The 4 core concepts of Object Oriented Programming are:
- Inheritance
- Polymorphism
- Abstraction
- Encapsulation
Now, before understanding these 4 core concepts, let’s first understand what is class and an object.
Classes and Objects
Let’s say you are building an Avengers game. So, for building this game, you need to create different Avengers (Like Captain America, Iron-Man, Spider-Man, etc). Each avenger has properties and behavior.
So, In Programming, you need to store two sets of information: properties (data) and functionality (behavior)

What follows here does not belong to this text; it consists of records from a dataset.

Lemma wsum_eq_le1 W c : wsum W (fun j => (j == c)%:R) <= 1.
Proof.
rewrite /wsum; case: (pickP (fun m : 'I_(2 * W).+1 => m%:Z - W%:Z == c)).
  move=> m0 /eqP m0_c; rewrite (bigD1 m0) //= m0_c eqxx big1 ?addr0 //.
  move=> m /eqP ne_m_m0; case: eqP => // m_c; case: ne_m_m0; apply: val_inj => /=.
  by move: m_c m0_c; lia.
by move=> no_c; rewrite big1 ?ler01 // => m _; rewrite no_c.
Qed.

Lemma wsum_abs_lt W t : wsum W (fun j => (`|j| < t.+1)%N%:R) <= (2 * t + 1)%:R.
Proof.
elim: t => [|t IHt].
  apply: le_trans (wsum_eq_le1 W 0); apply: ler_wsum => j.
  rewrite le_eqVlt; apply/orP; left; apply/eqP.
  by congr (nat_of_bool _)%:R; apply/idP/idP; lia.
rewrite (_ : (2 * t.+1 + 1 = 2 * t + 1 + 1 + 1)%N) ?natrD; last by lia.
rewrite (@eq_wsum _ _ (fun j => 1 * (1 * (`|j| < t.+1)%N%:R + 1 * (j == t.+1%:Z)%:R)
    + 1 * (j == - t.+1%:Z)%:R)); last first.
  by move=> j; rewrite !mul1r -!natrD; congr (_%:R); case: j => k; lia.
rewrite !wsum_lin !mul1r.
have := wsum_eq_le1 W t.+1; have := wsum_eq_le1 W (- t.+1%:Z); lra.
Qed.

Lemma lazy_walk_mass l W : (size l < W)%N -> wsum W (lazy_walk l) = 1.
Proof.
elim: l W => [|u l IHl] W /= lt_l_W.
  rewrite /wsum -[RHS](@sum_ord_eq (2 * W).+1 W (fun=> 1)); last by lia.
  by apply: eq_bigr => m _; rewrite mulr1; congr (_%:R); apply/eqP/eqP; lia.
have supp j : (W <= `|j|)%N -> lazy_walk l j = 0.
  by move=> le_W_j; apply: lazy_walk_eq0; lia.
rewrite (@eq_wsum _ _ (fun j => u * (1 * lazy_walk l (j + 1) + 1 * lazy_walk l (j - 1))
                               + (1 - 2 * u) * lazy_walk l j)); last by move=> j; ring.
by rewrite !wsum_lin wsum_succ // wsum_pred // IHl; [ring | lia].
Qed.

Lemma lazy_walk_moment2 l W : (size l < W)%N ->
  wsum W (fun j => j%:~R ^+ 2 * lazy_walk l j) = 2 * \sum_(u <- l) u.
Proof.
elim: l W => [|u l IHl] W /= lt_l_W.
  rewrite big_nil mulr0 /wsum big1 // => m _.
  by case: eqP => [->|_]; rewrite ?mulr0 // expr0n mul0r.
have supp j : (W <= `|j|)%N -> lazy_walk l j = 0.
  by move=> le_W_j; apply: lazy_walk_eq0; lia.
pose up j := (j - 1)%:~R ^+ 2 * lazy_walk l j.
pose down j := (j + 1)%:~R ^+ 2 * lazy_walk l j.
rewrite (@eq_wsum _ _ (fun j => u * (1 * up (j + 1) + 1 * down (j - 1))
    + (1 - 2 * u) * (j%:~R ^+ 2 * lazy_walk l j))); last first.
  by move=> j; rewrite /up /down addrK subrK; ring.
rewrite !wsum_lin wsum_succ => [|j /supp]; last by rewrite /up => ->; rewrite mulr0.
rewrite wsum_pred => [|j /supp]; last by rewrite /down => ->; rewrite mulr0.
rewrite !mul1r; have -> : wsum W up + wsum W down
    = 2 * wsum W (fun j => j%:~R ^+ 2 * lazy_walk l j) + 2 * wsum W (lazy_walk l).
  rewrite -wsum_lin -[wsum W up]mul1r -[wsum W down]mul1r -wsum_lin.
  by apply: eq_wsum => j; rewrite /up /down !intrD; ring.
rewrite lazy_walk_mass ?IHl ?big_cons; [ring | lia | lia].
Qed.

So to implement this concept in programming, we use classes and objects. Class is like a blueprint from which you can make objects, and an object is an instance of a class.
Code Example
class Avenger {
String name;
int power;
void introTosSelf(String name) {
System.out.println("Hello I'm "+ name);
}
}
public class Main {
public static void main(String[] args) {
Avenger ironMan = new Avenger();
ironMan.name = "Iron-Man";
ironMan.power = 80;
ironMan.introTosSelf("Iron-Man");
}
}
class Avenger {
constructor(name, power) {
this.name = name;
this.power = power;
}
introToSelf() {
console.log("Hello I'm " + this.name);
}
}
const ironMan = new Avenger("Iron-Man", 80);
ironMan.introToSelf();
class Avenger:
def __init__(self, name, power):
self.name = name
self.power = power
def intro_to_self(self):
print("Hello I'm " + self.name)
iron_man = Avenger("Iron-Man", 80)
iron_man.intro_to_self()
#include <iostream>
#include <string>
class Avenger {
public:
std::string name;
int power;
void introToSelf(const std::string& name) {
std::cout << "Hello I'm " << name << std::endl;
}
};
int main() {
Avenger ironMan;
ironMan.name = "Iron-Man";
ironMan.power = 80;
ironMan.introToSelf("Iron-Man");
return 0;
}
Inheritance
Inheritance is a mechanism by which one class acquires the properties and behaviors of the parent class. In below example, New Captain America is Inheriting functionality and behaviors of young Captain America and also has its own functionality and behaviors.
Code Example
// ParentClass
class OldCaptainAmerica {
void introTosSelf() {
System.out.println("Hello I'm captain america");
}
}
// ChildClass
class NewCaptainAmerica extends OldCaptainAmerica {
void canFight() {
System.out.println("New captain america can fight");
}
}
public class Main {
public static void main(String[] args) {
NewCaptainAmerica newCaptainAmerica = new NewCaptainAmerica();
// Inherited method
newCaptainAmerica.introTosSelf();
// Child Class method
newCaptainAmerica.canFight();
}
}
// ParentClass
class OldCaptainAmerica {
introTosSelf() {
console.log("Hello I'm captain america");
}
}
// ChildClass
class NewCaptainAmerica extends OldCaptainAmerica {
canFight() {
console.log("New captain america can fight");
}
}
const newCaptainAmerica = new NewCaptainAmerica();
// Inherited method
newCaptainAmerica.introTosSelf();
// Child Class method
newCaptainAmerica.canFight();
class OldCaptainAmerica:
def intro_to_self(self):
print("Hello I'm captain america")
class NewCaptainAmerica(OldCaptainAmerica):
def can_fight(self):
print("New captain america can fight")
if __name__ == "__main__":
new_captain_america = NewCaptainAmerica()
# Inherited method
new_captain_america.intro_to_self()
# Child Class method
new_captain_america.can_fight()
#include <iostream>
// ParentClass
class OldCaptainAmerica {
public:
void introTosSelf() {
std::cout << "Hello I'm captain america" << std::endl;
}
};
// ChildClass
class NewCaptainAmerica : public OldCaptainAmerica {
public:
void canFight() {
std::cout << "New captain america can fight" << std::endl;
}
};
int main() {
NewCaptainAmerica newCaptainAmerica;
// Inherited method
newCaptainAmerica.introTosSelf();
// Child Class method
newCaptainAmerica.canFight();
return 0;
}
Polymorphism
Polymorphism is the ability to exist in many forms. Like Spider-Man has multiple forms.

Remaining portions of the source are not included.